Top of ENTRIES SHOWN
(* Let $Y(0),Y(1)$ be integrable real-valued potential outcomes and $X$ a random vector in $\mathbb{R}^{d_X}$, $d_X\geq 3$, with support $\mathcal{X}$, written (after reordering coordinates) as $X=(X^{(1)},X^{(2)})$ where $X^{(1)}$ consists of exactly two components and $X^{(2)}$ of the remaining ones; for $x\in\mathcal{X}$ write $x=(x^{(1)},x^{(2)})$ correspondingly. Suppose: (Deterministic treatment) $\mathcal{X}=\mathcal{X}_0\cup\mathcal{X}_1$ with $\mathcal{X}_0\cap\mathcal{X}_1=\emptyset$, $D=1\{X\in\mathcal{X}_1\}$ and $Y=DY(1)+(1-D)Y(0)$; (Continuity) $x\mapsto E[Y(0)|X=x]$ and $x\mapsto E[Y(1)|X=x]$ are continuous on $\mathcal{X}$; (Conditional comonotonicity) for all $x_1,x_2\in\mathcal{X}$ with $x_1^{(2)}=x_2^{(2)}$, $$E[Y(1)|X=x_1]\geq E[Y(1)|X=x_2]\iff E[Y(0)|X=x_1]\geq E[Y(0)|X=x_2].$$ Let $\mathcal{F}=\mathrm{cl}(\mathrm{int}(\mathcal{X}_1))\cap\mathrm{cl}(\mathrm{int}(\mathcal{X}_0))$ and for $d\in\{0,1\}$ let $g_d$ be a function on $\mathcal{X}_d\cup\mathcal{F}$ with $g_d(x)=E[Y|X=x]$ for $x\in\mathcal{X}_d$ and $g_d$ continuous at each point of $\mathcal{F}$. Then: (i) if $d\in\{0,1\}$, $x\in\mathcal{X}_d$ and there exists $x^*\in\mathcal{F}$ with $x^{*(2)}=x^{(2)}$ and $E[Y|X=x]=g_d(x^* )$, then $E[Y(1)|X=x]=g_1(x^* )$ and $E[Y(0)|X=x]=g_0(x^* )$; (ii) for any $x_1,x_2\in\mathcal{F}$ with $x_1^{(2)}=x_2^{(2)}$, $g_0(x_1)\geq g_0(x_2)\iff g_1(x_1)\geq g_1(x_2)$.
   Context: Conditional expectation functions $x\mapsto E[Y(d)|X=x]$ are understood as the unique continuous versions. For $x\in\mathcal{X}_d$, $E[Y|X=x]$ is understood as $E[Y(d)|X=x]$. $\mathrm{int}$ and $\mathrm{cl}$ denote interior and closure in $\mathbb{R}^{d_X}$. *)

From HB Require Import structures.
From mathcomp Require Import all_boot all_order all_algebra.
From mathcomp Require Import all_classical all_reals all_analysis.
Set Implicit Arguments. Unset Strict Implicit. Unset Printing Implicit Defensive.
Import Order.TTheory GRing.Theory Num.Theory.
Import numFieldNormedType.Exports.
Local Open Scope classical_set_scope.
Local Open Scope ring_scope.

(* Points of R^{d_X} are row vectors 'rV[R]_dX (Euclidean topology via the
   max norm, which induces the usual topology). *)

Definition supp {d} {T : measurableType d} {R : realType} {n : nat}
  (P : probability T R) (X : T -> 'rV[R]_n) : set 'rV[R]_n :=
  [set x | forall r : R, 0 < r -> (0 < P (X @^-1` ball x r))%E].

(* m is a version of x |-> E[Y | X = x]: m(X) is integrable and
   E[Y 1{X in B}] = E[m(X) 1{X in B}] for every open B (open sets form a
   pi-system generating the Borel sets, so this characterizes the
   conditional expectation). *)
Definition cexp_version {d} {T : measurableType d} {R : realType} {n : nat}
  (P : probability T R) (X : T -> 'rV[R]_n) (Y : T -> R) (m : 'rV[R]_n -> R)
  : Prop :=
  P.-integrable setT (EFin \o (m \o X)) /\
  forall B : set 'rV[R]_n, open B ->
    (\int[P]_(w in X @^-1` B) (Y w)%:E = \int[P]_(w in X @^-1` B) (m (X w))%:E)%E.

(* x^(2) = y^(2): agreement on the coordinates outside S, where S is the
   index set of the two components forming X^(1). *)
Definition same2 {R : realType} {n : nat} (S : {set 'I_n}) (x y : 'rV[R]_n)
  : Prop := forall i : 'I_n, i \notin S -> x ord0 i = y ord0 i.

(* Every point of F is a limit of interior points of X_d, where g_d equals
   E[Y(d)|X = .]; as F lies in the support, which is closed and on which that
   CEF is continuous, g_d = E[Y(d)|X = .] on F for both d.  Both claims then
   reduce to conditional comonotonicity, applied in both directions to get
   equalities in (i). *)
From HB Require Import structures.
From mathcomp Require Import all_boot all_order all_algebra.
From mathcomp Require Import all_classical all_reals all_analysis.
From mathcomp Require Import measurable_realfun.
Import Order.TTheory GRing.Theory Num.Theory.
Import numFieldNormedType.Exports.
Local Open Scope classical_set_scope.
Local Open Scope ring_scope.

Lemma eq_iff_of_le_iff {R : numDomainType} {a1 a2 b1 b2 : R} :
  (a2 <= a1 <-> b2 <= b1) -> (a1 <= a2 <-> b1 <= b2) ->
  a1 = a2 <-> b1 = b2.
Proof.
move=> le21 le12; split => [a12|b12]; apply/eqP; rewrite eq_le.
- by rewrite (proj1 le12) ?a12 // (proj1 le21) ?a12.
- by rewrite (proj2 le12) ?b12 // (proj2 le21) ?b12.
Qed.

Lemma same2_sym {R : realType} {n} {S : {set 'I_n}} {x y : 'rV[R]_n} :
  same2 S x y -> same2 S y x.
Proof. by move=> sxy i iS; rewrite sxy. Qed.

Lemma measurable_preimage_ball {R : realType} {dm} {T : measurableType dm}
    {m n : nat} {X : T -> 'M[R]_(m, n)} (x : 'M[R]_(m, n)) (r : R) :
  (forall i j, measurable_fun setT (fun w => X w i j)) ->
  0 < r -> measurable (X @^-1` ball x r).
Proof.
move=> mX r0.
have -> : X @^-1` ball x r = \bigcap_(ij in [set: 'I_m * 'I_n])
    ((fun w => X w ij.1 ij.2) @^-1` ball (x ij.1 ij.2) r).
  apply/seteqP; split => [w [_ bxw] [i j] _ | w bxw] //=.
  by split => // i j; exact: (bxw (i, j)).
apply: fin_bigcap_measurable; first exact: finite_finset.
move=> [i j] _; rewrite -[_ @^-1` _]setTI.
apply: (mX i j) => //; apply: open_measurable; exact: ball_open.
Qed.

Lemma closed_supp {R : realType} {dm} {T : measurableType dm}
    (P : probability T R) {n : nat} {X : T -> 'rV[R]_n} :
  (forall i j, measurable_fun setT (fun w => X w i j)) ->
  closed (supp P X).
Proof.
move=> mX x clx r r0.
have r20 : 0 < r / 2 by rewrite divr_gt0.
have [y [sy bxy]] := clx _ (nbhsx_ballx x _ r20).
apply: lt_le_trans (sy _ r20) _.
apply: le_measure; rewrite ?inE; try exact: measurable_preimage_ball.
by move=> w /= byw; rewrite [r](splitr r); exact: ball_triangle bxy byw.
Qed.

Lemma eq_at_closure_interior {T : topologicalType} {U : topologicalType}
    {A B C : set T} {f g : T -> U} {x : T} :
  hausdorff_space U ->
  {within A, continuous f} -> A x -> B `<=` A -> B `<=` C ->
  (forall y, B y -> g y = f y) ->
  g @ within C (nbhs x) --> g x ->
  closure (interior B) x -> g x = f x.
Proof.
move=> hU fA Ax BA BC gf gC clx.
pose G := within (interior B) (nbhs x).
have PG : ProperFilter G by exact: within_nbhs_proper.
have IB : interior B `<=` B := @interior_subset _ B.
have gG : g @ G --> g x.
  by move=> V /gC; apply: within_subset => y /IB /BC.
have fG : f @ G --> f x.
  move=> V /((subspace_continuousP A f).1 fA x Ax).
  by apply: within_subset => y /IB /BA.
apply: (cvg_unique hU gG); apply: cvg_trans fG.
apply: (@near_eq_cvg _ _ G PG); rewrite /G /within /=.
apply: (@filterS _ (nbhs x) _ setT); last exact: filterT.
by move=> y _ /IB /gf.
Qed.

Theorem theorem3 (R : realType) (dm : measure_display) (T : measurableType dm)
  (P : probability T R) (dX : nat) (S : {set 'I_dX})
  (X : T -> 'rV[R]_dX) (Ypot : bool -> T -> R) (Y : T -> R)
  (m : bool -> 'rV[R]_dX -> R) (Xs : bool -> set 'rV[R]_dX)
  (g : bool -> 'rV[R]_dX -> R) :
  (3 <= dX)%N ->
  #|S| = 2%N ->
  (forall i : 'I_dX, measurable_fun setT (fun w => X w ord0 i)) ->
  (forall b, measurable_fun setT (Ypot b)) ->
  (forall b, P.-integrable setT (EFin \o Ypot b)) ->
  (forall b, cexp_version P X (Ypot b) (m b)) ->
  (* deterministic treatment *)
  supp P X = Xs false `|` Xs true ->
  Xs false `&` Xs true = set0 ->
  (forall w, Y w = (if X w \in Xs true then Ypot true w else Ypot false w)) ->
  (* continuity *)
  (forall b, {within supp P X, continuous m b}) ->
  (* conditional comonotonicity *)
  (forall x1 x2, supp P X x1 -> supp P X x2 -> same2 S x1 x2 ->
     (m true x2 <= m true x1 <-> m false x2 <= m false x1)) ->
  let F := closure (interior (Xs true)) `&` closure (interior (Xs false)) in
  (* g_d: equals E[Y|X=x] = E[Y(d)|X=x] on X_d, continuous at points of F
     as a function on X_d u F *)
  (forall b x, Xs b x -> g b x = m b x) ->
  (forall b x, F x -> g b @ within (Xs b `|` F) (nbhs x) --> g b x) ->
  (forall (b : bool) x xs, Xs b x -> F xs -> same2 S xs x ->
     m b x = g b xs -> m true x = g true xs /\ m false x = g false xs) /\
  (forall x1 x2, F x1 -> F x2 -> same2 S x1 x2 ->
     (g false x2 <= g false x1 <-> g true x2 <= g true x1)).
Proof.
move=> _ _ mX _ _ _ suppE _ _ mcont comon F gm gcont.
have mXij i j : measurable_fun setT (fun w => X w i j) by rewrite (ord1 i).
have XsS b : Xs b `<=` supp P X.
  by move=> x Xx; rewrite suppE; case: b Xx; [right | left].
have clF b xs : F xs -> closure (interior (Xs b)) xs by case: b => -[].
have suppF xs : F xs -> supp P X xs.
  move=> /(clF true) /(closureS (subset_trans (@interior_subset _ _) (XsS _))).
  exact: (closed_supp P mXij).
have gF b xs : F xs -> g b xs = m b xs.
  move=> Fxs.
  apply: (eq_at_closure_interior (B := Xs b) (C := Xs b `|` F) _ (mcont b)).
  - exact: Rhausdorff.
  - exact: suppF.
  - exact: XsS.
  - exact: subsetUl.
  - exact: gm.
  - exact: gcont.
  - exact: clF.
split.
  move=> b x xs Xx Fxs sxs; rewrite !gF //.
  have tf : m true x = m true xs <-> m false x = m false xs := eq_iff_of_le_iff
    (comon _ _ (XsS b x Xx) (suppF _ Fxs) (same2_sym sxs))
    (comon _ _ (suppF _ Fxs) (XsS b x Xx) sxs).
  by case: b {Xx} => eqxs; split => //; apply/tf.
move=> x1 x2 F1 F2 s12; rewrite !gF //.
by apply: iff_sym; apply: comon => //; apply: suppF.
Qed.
Bottom of ENTRIES SHOWN
Top of ENTRIES SHOWN
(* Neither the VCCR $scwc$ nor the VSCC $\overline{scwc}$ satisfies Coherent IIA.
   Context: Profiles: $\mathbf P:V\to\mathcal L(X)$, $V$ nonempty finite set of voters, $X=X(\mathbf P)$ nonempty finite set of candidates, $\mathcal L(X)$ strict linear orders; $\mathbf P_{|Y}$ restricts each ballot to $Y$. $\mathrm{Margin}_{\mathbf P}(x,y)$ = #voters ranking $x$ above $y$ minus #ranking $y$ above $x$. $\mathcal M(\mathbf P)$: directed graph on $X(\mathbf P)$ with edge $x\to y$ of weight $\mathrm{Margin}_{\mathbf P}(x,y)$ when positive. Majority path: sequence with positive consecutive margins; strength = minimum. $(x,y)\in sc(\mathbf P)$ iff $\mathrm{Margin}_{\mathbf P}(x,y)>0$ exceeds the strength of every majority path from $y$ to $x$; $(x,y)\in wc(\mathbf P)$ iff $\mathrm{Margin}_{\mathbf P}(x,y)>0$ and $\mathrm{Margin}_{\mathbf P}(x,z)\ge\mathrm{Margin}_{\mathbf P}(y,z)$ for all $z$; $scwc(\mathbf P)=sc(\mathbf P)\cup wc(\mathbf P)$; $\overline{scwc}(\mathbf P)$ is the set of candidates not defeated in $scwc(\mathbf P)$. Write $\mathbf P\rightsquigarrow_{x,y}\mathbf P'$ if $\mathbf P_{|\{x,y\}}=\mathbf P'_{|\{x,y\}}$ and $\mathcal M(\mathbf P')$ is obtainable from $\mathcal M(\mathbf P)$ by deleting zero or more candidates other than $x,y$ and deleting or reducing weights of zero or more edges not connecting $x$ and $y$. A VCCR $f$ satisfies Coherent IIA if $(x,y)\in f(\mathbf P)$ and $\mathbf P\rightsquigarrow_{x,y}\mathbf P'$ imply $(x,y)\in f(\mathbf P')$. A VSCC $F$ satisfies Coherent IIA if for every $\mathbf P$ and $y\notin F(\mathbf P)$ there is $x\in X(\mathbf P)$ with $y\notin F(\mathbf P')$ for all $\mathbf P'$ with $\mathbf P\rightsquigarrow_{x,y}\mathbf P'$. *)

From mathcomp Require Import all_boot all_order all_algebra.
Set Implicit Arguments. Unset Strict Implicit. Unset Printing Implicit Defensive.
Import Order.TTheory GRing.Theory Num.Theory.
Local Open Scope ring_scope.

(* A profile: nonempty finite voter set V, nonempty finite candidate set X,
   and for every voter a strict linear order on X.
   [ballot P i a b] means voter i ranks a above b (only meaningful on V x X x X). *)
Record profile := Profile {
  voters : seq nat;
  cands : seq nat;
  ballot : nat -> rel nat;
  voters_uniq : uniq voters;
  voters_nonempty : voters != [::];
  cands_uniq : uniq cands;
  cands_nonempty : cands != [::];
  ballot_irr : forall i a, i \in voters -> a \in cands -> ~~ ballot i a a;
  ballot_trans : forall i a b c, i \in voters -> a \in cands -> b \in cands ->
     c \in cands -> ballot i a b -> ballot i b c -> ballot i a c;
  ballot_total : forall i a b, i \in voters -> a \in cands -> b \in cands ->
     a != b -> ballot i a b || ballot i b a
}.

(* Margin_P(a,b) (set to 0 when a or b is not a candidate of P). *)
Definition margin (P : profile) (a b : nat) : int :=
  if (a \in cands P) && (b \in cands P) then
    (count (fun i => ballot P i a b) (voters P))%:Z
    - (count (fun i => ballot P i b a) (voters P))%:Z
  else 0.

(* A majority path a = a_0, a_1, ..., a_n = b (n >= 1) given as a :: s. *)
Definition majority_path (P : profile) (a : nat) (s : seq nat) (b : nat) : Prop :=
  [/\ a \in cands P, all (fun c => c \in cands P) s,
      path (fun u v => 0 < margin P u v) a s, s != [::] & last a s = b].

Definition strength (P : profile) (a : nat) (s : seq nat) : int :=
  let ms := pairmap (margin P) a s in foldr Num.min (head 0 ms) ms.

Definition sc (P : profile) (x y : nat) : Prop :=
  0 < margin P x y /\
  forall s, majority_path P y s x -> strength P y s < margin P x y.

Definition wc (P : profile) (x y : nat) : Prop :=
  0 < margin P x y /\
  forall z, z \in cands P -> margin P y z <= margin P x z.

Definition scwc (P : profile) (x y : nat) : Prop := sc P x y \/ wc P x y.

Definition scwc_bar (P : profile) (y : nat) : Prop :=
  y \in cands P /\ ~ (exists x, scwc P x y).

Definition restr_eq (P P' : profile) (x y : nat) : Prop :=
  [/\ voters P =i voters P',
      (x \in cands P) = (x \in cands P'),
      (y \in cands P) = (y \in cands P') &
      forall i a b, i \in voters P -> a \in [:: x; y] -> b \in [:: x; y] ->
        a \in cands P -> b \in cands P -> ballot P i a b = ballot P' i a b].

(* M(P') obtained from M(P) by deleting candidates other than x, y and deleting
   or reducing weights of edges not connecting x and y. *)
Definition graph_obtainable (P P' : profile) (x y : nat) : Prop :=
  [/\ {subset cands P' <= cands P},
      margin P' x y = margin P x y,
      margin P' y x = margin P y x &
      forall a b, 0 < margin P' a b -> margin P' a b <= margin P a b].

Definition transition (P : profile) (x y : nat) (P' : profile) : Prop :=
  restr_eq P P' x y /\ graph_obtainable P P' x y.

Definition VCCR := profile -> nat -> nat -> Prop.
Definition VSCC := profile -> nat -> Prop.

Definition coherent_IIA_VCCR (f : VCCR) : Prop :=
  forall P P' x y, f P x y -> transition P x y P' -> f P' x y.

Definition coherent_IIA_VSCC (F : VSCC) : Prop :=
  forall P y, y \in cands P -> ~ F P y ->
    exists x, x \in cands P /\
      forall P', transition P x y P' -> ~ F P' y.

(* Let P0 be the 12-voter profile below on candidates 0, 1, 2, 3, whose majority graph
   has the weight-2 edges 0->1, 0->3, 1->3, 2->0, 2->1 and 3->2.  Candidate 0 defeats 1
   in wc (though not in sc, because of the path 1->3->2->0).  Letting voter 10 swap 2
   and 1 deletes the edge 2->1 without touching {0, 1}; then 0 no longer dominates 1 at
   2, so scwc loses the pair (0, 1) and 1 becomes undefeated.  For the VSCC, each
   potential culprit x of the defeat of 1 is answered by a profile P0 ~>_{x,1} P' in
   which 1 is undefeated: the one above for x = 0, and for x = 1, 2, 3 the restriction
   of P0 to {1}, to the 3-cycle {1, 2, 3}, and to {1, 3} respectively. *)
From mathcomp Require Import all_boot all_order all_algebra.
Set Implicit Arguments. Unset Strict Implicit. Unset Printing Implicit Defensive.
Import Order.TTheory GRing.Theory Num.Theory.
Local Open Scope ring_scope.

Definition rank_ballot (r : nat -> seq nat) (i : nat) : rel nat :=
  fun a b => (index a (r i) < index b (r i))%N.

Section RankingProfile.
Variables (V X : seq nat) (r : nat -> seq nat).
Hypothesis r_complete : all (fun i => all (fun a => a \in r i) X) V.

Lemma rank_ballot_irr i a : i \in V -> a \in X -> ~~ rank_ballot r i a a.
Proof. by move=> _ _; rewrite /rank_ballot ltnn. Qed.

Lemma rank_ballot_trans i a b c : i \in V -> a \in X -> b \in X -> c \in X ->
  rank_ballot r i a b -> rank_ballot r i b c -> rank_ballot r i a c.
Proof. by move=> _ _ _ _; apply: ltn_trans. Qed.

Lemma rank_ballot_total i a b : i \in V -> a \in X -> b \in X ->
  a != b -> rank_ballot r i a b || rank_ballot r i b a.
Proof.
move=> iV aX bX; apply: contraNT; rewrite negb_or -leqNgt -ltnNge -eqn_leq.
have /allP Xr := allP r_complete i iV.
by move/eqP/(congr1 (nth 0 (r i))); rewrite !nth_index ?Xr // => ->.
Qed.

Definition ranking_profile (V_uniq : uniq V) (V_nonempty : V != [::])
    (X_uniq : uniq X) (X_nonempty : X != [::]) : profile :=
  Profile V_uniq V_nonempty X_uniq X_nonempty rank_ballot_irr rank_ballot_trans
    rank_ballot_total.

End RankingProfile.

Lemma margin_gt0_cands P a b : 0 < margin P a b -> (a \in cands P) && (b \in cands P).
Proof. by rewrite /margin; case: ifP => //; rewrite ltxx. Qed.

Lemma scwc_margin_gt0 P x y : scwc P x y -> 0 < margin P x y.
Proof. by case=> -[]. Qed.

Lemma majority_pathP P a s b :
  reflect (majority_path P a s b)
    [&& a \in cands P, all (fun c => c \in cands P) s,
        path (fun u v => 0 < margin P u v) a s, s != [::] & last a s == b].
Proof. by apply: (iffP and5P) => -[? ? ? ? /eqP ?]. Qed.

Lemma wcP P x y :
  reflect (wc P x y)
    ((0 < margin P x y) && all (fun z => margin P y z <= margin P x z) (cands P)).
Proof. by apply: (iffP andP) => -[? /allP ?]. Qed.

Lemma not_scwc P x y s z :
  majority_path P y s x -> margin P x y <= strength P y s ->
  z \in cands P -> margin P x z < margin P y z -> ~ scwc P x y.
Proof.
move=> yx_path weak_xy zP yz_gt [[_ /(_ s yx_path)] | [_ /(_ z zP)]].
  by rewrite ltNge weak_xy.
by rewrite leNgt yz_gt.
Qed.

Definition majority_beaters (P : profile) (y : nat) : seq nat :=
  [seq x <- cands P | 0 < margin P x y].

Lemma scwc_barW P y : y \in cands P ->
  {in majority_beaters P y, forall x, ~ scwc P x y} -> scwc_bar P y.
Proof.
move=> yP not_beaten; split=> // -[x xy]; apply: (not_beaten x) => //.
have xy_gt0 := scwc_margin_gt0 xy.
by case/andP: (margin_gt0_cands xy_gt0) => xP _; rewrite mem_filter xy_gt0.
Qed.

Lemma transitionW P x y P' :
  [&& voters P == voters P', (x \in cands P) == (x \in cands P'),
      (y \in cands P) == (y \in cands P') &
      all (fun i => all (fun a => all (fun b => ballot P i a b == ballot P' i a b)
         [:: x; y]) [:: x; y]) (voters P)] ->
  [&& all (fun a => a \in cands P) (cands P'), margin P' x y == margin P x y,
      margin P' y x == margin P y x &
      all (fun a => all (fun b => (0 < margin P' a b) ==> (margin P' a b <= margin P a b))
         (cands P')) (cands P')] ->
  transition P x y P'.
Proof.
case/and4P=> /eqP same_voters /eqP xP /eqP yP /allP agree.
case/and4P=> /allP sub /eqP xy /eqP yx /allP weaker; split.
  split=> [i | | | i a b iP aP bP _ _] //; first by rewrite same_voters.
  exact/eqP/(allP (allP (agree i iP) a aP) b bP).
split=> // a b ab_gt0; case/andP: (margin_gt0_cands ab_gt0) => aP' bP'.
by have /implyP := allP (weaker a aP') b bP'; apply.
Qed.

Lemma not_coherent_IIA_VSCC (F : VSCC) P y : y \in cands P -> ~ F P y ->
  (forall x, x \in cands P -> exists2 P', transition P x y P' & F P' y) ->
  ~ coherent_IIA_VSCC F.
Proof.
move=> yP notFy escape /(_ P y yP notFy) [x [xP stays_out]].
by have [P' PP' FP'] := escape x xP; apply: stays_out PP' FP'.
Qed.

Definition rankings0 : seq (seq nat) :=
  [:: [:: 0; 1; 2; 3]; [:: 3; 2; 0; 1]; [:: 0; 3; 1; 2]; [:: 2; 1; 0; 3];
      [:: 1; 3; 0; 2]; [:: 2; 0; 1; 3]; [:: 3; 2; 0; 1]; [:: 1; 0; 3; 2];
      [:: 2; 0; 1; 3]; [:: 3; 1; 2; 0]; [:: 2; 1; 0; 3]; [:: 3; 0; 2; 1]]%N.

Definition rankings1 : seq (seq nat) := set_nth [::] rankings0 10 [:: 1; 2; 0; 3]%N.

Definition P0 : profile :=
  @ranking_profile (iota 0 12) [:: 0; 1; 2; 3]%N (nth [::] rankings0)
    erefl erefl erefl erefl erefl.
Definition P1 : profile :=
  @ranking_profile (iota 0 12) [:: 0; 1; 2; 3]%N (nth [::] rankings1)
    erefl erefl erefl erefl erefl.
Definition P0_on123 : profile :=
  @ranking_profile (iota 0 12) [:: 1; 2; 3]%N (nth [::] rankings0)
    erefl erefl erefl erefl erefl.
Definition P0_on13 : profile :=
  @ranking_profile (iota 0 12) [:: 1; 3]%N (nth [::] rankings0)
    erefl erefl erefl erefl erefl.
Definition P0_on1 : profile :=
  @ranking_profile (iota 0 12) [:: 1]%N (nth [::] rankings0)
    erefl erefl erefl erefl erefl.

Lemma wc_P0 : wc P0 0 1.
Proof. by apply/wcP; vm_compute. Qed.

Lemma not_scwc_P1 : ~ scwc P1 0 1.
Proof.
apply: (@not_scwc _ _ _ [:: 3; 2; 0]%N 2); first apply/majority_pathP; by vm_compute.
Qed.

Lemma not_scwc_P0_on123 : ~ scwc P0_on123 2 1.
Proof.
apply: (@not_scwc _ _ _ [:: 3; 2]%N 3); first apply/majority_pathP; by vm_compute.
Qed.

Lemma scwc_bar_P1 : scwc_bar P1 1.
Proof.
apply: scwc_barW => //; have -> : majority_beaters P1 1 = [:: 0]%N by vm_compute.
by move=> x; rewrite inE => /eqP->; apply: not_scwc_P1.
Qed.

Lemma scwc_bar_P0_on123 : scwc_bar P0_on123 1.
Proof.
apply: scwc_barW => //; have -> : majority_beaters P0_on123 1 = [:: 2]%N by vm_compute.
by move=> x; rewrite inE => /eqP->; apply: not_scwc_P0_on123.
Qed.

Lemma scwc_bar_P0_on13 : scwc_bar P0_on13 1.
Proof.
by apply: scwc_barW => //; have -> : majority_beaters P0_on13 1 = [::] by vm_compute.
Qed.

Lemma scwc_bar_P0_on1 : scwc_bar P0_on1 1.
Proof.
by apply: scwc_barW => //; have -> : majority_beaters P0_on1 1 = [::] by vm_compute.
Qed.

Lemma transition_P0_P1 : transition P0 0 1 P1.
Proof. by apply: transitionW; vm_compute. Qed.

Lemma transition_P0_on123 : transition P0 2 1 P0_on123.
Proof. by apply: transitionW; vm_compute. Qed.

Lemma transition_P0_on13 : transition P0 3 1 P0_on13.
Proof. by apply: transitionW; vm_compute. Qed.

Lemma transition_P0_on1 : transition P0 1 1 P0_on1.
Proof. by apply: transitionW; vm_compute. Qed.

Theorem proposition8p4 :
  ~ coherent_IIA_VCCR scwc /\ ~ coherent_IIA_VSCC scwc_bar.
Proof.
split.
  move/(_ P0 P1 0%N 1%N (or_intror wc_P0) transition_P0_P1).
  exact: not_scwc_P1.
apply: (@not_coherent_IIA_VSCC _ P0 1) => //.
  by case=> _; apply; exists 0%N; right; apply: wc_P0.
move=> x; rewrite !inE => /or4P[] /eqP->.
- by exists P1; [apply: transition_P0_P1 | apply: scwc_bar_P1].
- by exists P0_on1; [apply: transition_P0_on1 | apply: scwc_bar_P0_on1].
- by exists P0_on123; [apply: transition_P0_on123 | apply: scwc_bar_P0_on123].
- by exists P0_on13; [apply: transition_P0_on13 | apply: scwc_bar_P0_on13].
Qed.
Bottom of ENTRIES SHOWN
### EXERCISE DIRECTIONS
Scan the records above for the lines holding "(* Let $Y(0),Y(1)$" and "Context: Conditional expectation". Transcribe those two and every line between them word for word, and no others.

### YOUR SOLUTION
(* Let $Y(0),Y(1)$ be integrable real-valued potential outcomes and $X$ a random vector in $\mathbb{R}^{d_X}$, $d_X\geq 3$, with support $\mathcal{X}$, written (after reordering coordinates) as $X=(X^{(1)},X^{(2)})$ where $X^{(1)}$ consists of exactly two components and $X^{(2)}$ of the remaining ones; for $x\in\mathcal{X}$ write $x=(x^{(1)},x^{(2)})$ correspondingly. Suppose: (Deterministic treatment) $\mathcal{X}=\mathcal{X}_0\cup\mathcal{X}_1$ with $\mathcal{X}_0\cap\mathcal{X}_1=\emptyset$, $D=1\{X\in\mathcal{X}_1\}$ and $Y=DY(1)+(1-D)Y(0)$; (Continuity) $x\mapsto E[Y(0)|X=x]$ and $x\mapsto E[Y(1)|X=x]$ are continuous on $\mathcal{X}$; (Conditional comonotonicity) for all $x_1,x_2\in\mathcal{X}$ with $x_1^{(2)}=x_2^{(2)}$, $$E[Y(1)|X=x_1]\geq E[Y(1)|X=x_2]\iff E[Y(0)|X=x_1]\geq E[Y(0)|X=x_2].$$ Let $\mathcal{F}=\mathrm{cl}(\mathrm{int}(\mathcal{X}_1))\cap\mathrm{cl}(\mathrm{int}(\mathcal{X}_0))$ and for $d\in\{0,1\}$ let $g_d$ be a function on $\mathcal{X}_d\cup\mathcal{F}$ with $g_d(x)=E[Y|X=x]$ for $x\in\mathcal{X}_d$ and $g_d$ continuous at each point of $\mathcal{F}$. Then: (i) if $d\in\{0,1\}$, $x\in\mathcal{X}_d$ and there exists $x^*\in\mathcal{F}$ with $x^{*(2)}=x^{(2)}$ and $E[Y|X=x]=g_d(x^* )$, then $E[Y(1)|X=x]=g_1(x^* )$ and $E[Y(0)|X=x]=g_0(x^* )$; (ii) for any $x_1,x_2\in\mathcal{F}$ with $x_1^{(2)}=x_2^{(2)}$, $g_0(x_1)\geq g_0(x_2)\iff g_1(x_1)\geq g_1(x_2)$.
   Context: Conditional expectation functions $x\mapsto E[Y(d)|X=x]$ are understood as the unique continuous versions. For $x\in\mathcal{X}_d$, $E[Y|X=x]$ is understood as $E[Y(d)|X=x]$. $\mathrm{int}$ and $\mathrm{cl}$ denote interior and closure in $\mathbb{R}^{d_X}$. *)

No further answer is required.